On 06/27/16 14:16, Peter Edberg-san wrote:
> Fujiwara-san,
> If you follow the information indicated by UTR 51 (as Mark had suggested), you will see that:
>
> 1. The annotations data is available in CLDR here, in English:
> http://unicode.org/cldr/trac/browser/tags/latest/common/annotations/en.xml
> (or in many other languages, such as Japanese:)

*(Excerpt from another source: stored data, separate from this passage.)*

(* Let $H$ be a Hopf algebra with bijective antipode and $(H_i)_{0\le i\le n}$ a decreasing Hopf algebra filtration of $H$ with $H_n=\{0\}$ (and $H_i=0$ for $i\ge n$). Let $V$ be a Yetter--Drinfeld module over $H$ with coaction $\delta$, and put $\mathcal F^iV=H_iV$ for all $i\ge0$. Then $\delta(\mathcal F^iV)\subseteq\sum_{k\ge0}H_k\otimes\mathcal F^{i-k}V$ for all $i\ge0$, and $(\mathcal F^iV)_{i\ge0}$ is a decreasing filtration of the braided vector space $V$.
   Context: A decreasing Hopf algebra filtration of $H$ is a family of subspaces $(H_i)_{i\ge0}$ with $H_0=H$, $H_i\supseteq H_j$ for $i\le j$, $H_iH_j\subseteq H_{i+j}$, $\Delta(H_i)\subseteq\sum_{j=0}^iH_j\otimes H_{i-j}$, and $\varepsilon(H_i)=0$, $S(H_i)\subseteq H_i$ for $i\ge1$. The braiding of $V$ is $c(v\otimes w)=v_{(-1)}w\otimes v_{(0)}$. A decreasing filtration of a braided vector space $(V,c)$ is a family $(\mathcal F^iV)_{i\ge0}$ with $V=\mathcal F^0V\supseteq\mathcal F^kV\supseteq\mathcal F^lV$ for $k\le l$, $\bigcap_i\mathcal F^iV=0$, and $c(\mathcal F^iV\otimes\mathcal F^jV)\subseteq\sum_{k+l\ge i+j}\mathcal F^kV\otimes\mathcal F^lV$. Here $\mathcal F^{j}V=V$ for $j<0$. *)

(* Hopf algebras / Yetter--Drinfeld modules over a field K,
   with tensors represented by finite lists of pairs (Sweedler-style
   representatives); equality of tensors is tested against all bilinear
   (resp. trilinear) forms, which over a field characterizes equality in the
   tensor product. *)
From HB Require Import structures.
From mathcomp Require Import all_boot all_order all_algebra.
Set Implicit Arguments. Unset Strict Implicit. Unset Printing Implicit Defensive.
Import GRing.Theory.
Local Open Scope ring_scope.

Section Tensors.
Variable K : fieldType.

Definition bilinear_form (A B : lmodType K) (phi : A -> B -> K) :=
  (forall b (c : K) x y, phi (c *: x + y) b = c * phi x b + phi y b) /\
  (forall a (c : K) x y, phi a (c *: x + y) = c * phi a x + phi a y).

Definition trilinear_form (A B C : lmodType K) (phi : A -> B -> C -> K) :=
  (forall b d (c : K) x y, phi (c *: x + y) b d = c * phi x b d + phi y b d) /\
  (forall a d (c : K) x y, phi a (c *: x + y) d = c * phi a x d + phi a y d) /\
  (forall a b (c : K) x y, phi a b (c *: x + y) = c * phi a b x + phi a b y).

Definition teq (A B : lmodType K) (s t : seq (A * B)) :=
  forall phi : A -> B -> K, bilinear_form phi ->
    \sum_(p <- s) phi p.1 p.2 = \sum_(p <- t) phi p.1 p.2.

Definition teq3 (A B C : lmodType K) (s t : seq (A * B * C)) :=
  forall phi : A -> B -> C -> K, trilinear_form phi ->
    \sum_(p <- s) phi p.1.1 p.1.2 p.2 = \sum_(p <- t) phi p.1.1 p.1.2 p.2.

Definition tscale (A B : lmodType K) (c : K) (s : seq (A * B)) :=
  [seq (c *: p.1, p.2) | p <- s].

Definition tspan (A B : lmodType K) (R : A -> B -> Prop) (s : seq (A * B)) :=
  exists t : seq (A * B), (forall p, p \in t -> R p.1 p.2) /\ teq s t.

Definition subspace (A : lmodType K) (U : A -> Prop) :=
  U 0 /\ forall (c : K) x y, U x -> U y -> U (c *: x + y).

End Tensors.

Section Hopf.
Variables (K : fieldType) (H : algType K).

Definition is_bialgebra (Delta : H -> seq (H * H)) (eps : H -> K) :=
  (forall (c : K) x y, teq (Delta (c *: x + y)) (tscale c (Delta x) ++ Delta y)) /\
  (forall h, teq3 [seq (q.1, q.2, p.2) | p <- Delta h, q <- Delta p.1]
                  [seq (p.1, q.1, q.2) | p <- Delta h, q <- Delta p.2]) /\
  (forall h, \sum_(p <- Delta h) eps p.1 *: p.2 = h) /\
  (forall h, \sum_(p <- Delta h) eps p.2 *: p.1 = h) /\
  (forall g h, teq (Delta (g * h)) [seq (p.1 * q.1, p.2 * q.2) | p <- Delta g, q <- Delta h]) /\
  teq (Delta 1) [:: (1, 1)] /\
  (forall (c : K) x y, eps (c *: x + y) = c * eps x + eps y) /\
  (forall g h, eps (g * h) = eps g * eps h) /\
  eps 1 = 1.

Definition is_antipode (Delta : H -> seq (H * H)) (eps : H -> K) (S : H -> H) :=
  (forall (c : K) x y, S (c *: x + y) = c *: S x + S y) /\
  (forall h, \sum_(p <- Delta h) S p.1 * p.2 = eps h *: 1) /\
  (forall h, \sum_(p <- Delta h) p.1 * S p.2 = eps h *: 1).

Definition is_hopf_bij (Delta : H -> seq (H * H)) (eps : H -> K) (S : H -> H) :=
  is_bialgebra Delta eps /\ is_antipode Delta eps S /\ bijective S.

Definition hopf_filtration (Delta : H -> seq (H * H)) (eps : H -> K) (S : H -> H)
    (Hf : nat -> H -> Prop) :=
  (forall i, subspace (Hf i)) /\
  (forall h, Hf 0%N h) /\
  (forall i j, (i <= j)%N -> forall h, Hf j h -> Hf i h) /\
  (forall i j g h, Hf i g -> Hf j h -> Hf (i + j)%N (g * h)) /\
  (forall i h, Hf i h ->
     tspan (fun a b => exists j, (j <= i)%N /\ Hf j a /\ Hf (i - j)%N b) (Delta h)) /\
  (forall i h, (0 < i)%N -> Hf i h -> eps h = 0) /\
  (forall i h, (0 < i)%N -> Hf i h -> Hf i (S h)).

> http://unicode.org/cldr/trac/browser/tags/latest/common/annotations/ja.xml
>
> The description of the format for those xml files is here:
> http://www.unicode.org/reports/tr35/tr35-general.html#Annotations
>
> 2. Other emoji data files are here:
> http://www.unicode.org/Public/emoji/latest/
>
> These data files are what drive the generation of the charts.
>
> Best regards,
> Peter Edberg
>
>
>
>> On Jun 26, 2016, at 9:09 PM, Takao Fujiwara <tfujiwar_at_redhat.com> wrote:
>>
>> On 06/25/16 01:04, Mark Davis ☕️-san wrote:
>>> You should never be scraping /any/ Unicode HTML files. They are not made for that, and there is no guarantee of stability.
>>
>> I cannot find the license or descriptions about the HTML files.
>>
>>>
>>> The emoji files are built from data which is described in http://www.unicode.org/reports/tr51/
>>> (plus CLDR annotations and collation)
>>
>> OK, I need the data which packages Emoji unicode and the annotation.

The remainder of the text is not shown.